## ACTIVITY
Could you print exactly the lines of the listing below, starting at the line that has "(* Let $n\ge1$, $k\ge1$." and ending at the line that has "(MathComp's group law", and only those lines?
(DATA FOR ANALYSIS)
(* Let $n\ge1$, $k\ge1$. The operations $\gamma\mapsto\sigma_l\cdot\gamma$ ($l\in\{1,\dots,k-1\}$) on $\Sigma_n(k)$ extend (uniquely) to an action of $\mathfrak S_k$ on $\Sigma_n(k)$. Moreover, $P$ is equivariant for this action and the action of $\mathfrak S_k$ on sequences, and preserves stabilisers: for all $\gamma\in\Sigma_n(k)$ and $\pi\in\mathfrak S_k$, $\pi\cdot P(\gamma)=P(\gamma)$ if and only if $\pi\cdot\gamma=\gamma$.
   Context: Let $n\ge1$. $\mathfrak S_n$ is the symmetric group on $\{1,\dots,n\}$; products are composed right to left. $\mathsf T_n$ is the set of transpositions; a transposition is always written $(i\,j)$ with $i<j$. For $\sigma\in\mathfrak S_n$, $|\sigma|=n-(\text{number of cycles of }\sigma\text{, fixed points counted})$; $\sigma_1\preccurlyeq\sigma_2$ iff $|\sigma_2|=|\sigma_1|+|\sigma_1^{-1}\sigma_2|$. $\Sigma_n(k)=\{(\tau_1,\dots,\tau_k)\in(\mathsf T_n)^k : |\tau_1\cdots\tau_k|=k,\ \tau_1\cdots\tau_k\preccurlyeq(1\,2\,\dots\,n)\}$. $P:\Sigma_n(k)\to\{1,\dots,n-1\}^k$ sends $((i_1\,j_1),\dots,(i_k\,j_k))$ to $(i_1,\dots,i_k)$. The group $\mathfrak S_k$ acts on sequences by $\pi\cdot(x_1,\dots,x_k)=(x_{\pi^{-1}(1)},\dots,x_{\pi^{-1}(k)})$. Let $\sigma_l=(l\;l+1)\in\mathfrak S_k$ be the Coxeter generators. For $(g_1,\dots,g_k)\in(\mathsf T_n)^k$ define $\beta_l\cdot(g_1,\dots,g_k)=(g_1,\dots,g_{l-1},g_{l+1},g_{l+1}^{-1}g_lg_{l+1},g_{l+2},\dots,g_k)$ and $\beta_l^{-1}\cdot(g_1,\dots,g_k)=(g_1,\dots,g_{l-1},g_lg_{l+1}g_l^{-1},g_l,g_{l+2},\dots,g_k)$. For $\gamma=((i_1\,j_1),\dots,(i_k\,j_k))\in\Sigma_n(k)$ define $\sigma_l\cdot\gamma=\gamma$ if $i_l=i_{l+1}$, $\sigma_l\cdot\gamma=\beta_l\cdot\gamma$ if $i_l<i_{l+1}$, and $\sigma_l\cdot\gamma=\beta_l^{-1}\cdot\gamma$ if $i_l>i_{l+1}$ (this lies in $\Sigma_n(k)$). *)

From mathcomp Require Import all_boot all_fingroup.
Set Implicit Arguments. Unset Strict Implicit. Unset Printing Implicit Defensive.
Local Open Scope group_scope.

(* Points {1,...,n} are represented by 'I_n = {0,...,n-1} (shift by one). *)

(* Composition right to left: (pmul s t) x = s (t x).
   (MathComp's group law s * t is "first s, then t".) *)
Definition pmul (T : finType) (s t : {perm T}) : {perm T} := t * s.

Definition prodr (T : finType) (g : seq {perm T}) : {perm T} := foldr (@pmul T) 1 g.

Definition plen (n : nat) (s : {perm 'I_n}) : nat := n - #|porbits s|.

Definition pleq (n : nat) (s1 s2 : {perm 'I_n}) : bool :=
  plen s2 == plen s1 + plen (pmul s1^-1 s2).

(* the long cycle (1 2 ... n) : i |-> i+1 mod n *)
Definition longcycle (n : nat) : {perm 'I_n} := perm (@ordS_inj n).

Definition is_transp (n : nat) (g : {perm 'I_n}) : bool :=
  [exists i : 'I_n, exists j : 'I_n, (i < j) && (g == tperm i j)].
(End DATA FOR ANALYSIS)
(DATA FOR ANALYSIS)
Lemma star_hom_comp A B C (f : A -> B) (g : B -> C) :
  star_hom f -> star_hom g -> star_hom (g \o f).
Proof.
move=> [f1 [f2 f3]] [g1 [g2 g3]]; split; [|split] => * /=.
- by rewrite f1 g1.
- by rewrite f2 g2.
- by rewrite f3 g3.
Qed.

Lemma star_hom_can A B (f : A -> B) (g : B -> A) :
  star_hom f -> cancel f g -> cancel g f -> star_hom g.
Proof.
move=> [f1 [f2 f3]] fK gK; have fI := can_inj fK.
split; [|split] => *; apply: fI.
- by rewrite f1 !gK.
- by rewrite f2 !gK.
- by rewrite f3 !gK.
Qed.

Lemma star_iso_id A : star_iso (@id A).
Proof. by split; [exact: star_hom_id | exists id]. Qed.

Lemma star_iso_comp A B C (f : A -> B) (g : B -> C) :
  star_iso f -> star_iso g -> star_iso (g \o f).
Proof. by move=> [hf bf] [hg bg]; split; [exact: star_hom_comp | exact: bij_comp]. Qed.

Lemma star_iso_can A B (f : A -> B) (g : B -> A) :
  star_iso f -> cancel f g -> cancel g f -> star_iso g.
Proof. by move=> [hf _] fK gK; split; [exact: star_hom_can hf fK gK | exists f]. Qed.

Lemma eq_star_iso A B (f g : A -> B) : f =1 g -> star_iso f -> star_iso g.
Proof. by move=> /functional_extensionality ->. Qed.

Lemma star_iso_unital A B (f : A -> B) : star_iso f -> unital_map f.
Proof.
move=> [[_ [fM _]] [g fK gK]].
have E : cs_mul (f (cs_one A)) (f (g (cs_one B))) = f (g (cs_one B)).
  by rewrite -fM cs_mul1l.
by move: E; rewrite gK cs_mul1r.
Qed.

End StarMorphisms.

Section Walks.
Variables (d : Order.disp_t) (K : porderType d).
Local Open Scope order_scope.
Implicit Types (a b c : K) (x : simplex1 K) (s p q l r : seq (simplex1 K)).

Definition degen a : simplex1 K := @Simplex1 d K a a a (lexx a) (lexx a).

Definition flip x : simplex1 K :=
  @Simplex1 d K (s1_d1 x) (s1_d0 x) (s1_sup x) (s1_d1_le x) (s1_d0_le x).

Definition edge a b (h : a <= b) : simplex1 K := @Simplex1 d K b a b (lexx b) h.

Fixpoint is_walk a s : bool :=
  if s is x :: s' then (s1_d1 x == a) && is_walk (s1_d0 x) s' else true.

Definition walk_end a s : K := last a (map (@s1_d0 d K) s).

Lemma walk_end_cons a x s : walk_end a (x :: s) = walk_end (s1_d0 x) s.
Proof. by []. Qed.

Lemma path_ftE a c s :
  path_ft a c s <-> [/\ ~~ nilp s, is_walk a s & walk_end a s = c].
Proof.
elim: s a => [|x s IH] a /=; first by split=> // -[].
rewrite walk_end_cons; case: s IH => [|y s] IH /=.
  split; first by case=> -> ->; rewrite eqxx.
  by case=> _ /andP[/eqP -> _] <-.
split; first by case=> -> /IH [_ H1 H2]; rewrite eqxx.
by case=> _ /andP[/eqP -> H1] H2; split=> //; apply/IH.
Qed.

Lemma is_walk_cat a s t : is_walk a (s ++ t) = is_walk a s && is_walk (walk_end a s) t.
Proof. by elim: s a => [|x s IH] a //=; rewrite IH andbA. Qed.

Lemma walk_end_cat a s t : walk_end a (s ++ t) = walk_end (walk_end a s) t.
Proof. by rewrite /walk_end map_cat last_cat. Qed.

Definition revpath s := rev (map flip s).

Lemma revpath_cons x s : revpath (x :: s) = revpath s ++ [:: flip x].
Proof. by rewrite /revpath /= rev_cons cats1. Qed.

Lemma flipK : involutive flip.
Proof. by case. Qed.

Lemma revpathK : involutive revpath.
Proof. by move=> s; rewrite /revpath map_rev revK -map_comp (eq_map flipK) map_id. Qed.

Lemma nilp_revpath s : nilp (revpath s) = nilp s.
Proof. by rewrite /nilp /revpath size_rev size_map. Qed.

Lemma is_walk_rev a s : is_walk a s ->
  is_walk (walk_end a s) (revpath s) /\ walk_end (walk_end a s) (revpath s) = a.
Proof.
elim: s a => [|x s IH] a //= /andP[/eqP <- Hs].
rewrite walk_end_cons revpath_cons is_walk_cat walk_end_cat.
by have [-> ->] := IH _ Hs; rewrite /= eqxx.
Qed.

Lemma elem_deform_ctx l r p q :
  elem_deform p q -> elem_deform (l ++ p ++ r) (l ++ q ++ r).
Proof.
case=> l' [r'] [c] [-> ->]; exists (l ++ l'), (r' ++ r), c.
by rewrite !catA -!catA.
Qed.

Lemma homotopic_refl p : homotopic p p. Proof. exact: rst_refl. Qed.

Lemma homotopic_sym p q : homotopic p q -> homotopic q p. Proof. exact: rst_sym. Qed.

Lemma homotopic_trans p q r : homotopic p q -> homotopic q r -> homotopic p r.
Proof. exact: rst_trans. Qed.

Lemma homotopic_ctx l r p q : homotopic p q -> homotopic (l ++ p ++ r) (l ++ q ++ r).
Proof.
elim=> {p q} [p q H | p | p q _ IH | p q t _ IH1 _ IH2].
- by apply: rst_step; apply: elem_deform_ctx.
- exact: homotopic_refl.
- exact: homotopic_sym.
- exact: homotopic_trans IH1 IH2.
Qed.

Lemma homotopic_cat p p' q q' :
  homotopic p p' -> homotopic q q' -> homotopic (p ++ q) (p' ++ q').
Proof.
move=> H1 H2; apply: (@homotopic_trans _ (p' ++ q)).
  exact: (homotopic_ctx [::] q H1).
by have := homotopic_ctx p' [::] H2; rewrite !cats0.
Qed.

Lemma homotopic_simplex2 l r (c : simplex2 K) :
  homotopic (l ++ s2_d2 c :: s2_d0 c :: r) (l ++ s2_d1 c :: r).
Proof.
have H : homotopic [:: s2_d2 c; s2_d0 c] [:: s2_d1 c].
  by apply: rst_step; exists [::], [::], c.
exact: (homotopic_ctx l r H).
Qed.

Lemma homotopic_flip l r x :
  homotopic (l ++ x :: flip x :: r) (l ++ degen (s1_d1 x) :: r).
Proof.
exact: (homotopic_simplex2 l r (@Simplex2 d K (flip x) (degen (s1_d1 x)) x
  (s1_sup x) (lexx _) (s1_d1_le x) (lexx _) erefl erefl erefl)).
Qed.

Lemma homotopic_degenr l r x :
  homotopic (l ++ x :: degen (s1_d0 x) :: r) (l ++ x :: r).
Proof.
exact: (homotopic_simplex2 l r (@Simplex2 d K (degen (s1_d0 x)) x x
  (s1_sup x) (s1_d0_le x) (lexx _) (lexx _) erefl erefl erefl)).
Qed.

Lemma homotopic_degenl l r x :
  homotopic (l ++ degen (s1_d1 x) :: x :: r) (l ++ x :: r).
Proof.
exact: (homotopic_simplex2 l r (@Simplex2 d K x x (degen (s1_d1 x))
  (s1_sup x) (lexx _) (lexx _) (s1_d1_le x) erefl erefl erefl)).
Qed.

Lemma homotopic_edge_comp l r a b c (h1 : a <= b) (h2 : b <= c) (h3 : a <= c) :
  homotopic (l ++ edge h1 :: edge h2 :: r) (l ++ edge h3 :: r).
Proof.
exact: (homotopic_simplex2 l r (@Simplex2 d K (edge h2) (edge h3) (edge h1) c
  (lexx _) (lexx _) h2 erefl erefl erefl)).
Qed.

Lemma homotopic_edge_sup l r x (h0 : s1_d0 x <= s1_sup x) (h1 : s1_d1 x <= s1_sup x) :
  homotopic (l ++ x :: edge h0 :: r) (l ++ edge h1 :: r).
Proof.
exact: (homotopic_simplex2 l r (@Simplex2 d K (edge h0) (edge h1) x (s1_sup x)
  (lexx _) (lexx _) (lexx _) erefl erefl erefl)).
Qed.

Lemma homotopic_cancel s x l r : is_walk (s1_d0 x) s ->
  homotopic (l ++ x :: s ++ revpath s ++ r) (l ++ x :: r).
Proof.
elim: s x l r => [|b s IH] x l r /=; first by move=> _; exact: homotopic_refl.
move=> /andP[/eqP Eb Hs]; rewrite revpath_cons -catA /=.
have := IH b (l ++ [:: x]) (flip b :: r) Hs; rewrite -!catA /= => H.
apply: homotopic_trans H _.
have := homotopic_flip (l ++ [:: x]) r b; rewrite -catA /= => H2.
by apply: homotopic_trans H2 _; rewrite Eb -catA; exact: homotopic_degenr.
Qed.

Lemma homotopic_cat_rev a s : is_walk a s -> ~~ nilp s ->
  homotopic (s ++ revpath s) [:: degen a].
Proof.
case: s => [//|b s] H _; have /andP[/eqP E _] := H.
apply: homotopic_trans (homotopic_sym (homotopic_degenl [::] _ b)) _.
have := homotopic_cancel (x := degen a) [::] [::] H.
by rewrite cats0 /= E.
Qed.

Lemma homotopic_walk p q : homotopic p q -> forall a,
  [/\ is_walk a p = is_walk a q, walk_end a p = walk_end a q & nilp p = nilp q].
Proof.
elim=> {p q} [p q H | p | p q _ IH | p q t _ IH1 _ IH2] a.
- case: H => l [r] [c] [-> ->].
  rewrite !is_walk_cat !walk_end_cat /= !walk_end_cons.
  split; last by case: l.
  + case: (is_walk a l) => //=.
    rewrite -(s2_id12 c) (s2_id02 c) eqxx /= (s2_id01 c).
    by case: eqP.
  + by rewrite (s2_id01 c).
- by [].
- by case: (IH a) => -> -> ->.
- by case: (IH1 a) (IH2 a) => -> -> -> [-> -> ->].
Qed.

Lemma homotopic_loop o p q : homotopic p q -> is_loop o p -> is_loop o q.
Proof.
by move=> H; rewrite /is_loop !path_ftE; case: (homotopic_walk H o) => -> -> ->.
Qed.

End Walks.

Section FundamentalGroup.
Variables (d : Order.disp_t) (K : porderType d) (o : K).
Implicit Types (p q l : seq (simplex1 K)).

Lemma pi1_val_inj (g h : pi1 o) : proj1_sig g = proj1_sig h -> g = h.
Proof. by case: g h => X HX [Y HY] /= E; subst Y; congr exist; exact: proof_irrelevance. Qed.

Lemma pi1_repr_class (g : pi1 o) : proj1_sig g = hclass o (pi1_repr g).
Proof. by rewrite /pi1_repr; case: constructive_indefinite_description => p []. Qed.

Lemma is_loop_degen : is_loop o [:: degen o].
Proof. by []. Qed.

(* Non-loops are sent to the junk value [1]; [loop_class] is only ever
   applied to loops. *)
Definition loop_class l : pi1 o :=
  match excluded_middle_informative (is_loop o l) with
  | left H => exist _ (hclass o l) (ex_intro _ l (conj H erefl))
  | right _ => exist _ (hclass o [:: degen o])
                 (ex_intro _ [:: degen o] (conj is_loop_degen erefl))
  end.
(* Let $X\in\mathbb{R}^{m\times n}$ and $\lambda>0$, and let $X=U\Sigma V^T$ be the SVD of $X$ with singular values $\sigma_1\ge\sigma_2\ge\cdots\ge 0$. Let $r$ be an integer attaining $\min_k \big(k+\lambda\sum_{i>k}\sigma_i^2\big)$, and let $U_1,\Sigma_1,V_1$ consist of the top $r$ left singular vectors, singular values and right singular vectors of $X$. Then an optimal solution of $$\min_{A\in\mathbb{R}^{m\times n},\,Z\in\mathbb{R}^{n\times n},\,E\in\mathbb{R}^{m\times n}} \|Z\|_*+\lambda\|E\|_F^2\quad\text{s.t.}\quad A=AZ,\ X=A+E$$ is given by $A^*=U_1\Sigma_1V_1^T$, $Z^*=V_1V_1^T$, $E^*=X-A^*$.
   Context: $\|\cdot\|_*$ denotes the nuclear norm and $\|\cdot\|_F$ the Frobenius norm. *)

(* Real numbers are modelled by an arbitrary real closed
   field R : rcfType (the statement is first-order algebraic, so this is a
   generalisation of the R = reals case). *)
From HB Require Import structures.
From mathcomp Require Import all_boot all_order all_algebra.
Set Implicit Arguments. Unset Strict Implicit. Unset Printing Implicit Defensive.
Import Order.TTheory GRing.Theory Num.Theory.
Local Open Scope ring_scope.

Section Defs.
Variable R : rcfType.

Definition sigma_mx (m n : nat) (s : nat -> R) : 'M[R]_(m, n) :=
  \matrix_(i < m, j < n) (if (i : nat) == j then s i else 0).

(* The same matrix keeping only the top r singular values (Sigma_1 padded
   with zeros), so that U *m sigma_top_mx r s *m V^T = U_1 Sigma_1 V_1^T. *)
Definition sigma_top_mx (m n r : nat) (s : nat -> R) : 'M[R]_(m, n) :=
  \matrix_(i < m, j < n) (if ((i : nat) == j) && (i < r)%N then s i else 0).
(End DATA FOR ANALYSIS)
## TASK RESPONSE
(* Let $n\ge1$, $k\ge1$. The operations $\gamma\mapsto\sigma_l\cdot\gamma$ ($l\in\{1,\dots,k-1\}$) on $\Sigma_n(k)$ extend (uniquely) to an action of $\mathfrak S_k$ on $\Sigma_n(k)$. Moreover, $P$ is equivariant for this action and the action of $\mathfrak S_k$ on sequences, and preserves stabilisers: for all $\gamma\in\Sigma_n(k)$ and $\pi\in\mathfrak S_k$, $\pi\cdot P(\gamma)=P(\gamma)$ if and only if $\pi\cdot\gamma=\gamma$.
   Context: Let $n\ge1$. $\mathfrak S_n$ is the symmetric group on $\{1,\dots,n\}$; products are composed right to left. $\mathsf T_n$ is the set of transpositions; a transposition is always written $(i\,j)$ with $i<j$. For $\sigma\in\mathfrak S_n$, $|\sigma|=n-(\text{number of cycles of }\sigma\text{, fixed points counted})$; $\sigma_1\preccurlyeq\sigma_2$ iff $|\sigma_2|=|\sigma_1|+|\sigma_1^{-1}\sigma_2|$. $\Sigma_n(k)=\{(\tau_1,\dots,\tau_k)\in(\mathsf T_n)^k : |\tau_1\cdots\tau_k|=k,\ \tau_1\cdots\tau_k\preccurlyeq(1\,2\,\dots\,n)\}$. $P:\Sigma_n(k)\to\{1,\dots,n-1\}^k$ sends $((i_1\,j_1),\dots,(i_k\,j_k))$ to $(i_1,\dots,i_k)$. The group $\mathfrak S_k$ acts on sequences by $\pi\cdot(x_1,\dots,x_k)=(x_{\pi^{-1}(1)},\dots,x_{\pi^{-1}(k)})$. Let $\sigma_l=(l\;l+1)\in\mathfrak S_k$ be the Coxeter generators. For $(g_1,\dots,g_k)\in(\mathsf T_n)^k$ define $\beta_l\cdot(g_1,\dots,g_k)=(g_1,\dots,g_{l-1},g_{l+1},g_{l+1}^{-1}g_lg_{l+1},g_{l+2},\dots,g_k)$ and $\beta_l^{-1}\cdot(g_1,\dots,g_k)=(g_1,\dots,g_{l-1},g_lg_{l+1}g_l^{-1},g_l,g_{l+2},\dots,g_k)$. For $\gamma=((i_1\,j_1),\dots,(i_k\,j_k))\in\Sigma_n(k)$ define $\sigma_l\cdot\gamma=\gamma$ if $i_l=i_{l+1}$, $\sigma_l\cdot\gamma=\beta_l\cdot\gamma$ if $i_l<i_{l+1}$, and $\sigma_l\cdot\gamma=\beta_l^{-1}\cdot\gamma$ if $i_l>i_{l+1}$ (this lies in $\Sigma_n(k)$). *)

From mathcomp Require Import all_boot all_fingroup.
Set Implicit Arguments. Unset Strict Implicit. Unset Printing Implicit Defensive.
Local Open Scope group_scope.

(* Points {1,...,n} are represented by 'I_n = {0,...,n-1} (shift by one). *)

(* Composition right to left: (pmul s t) x = s (t x).
   (MathComp's group law s * t is "first s, then t".) *)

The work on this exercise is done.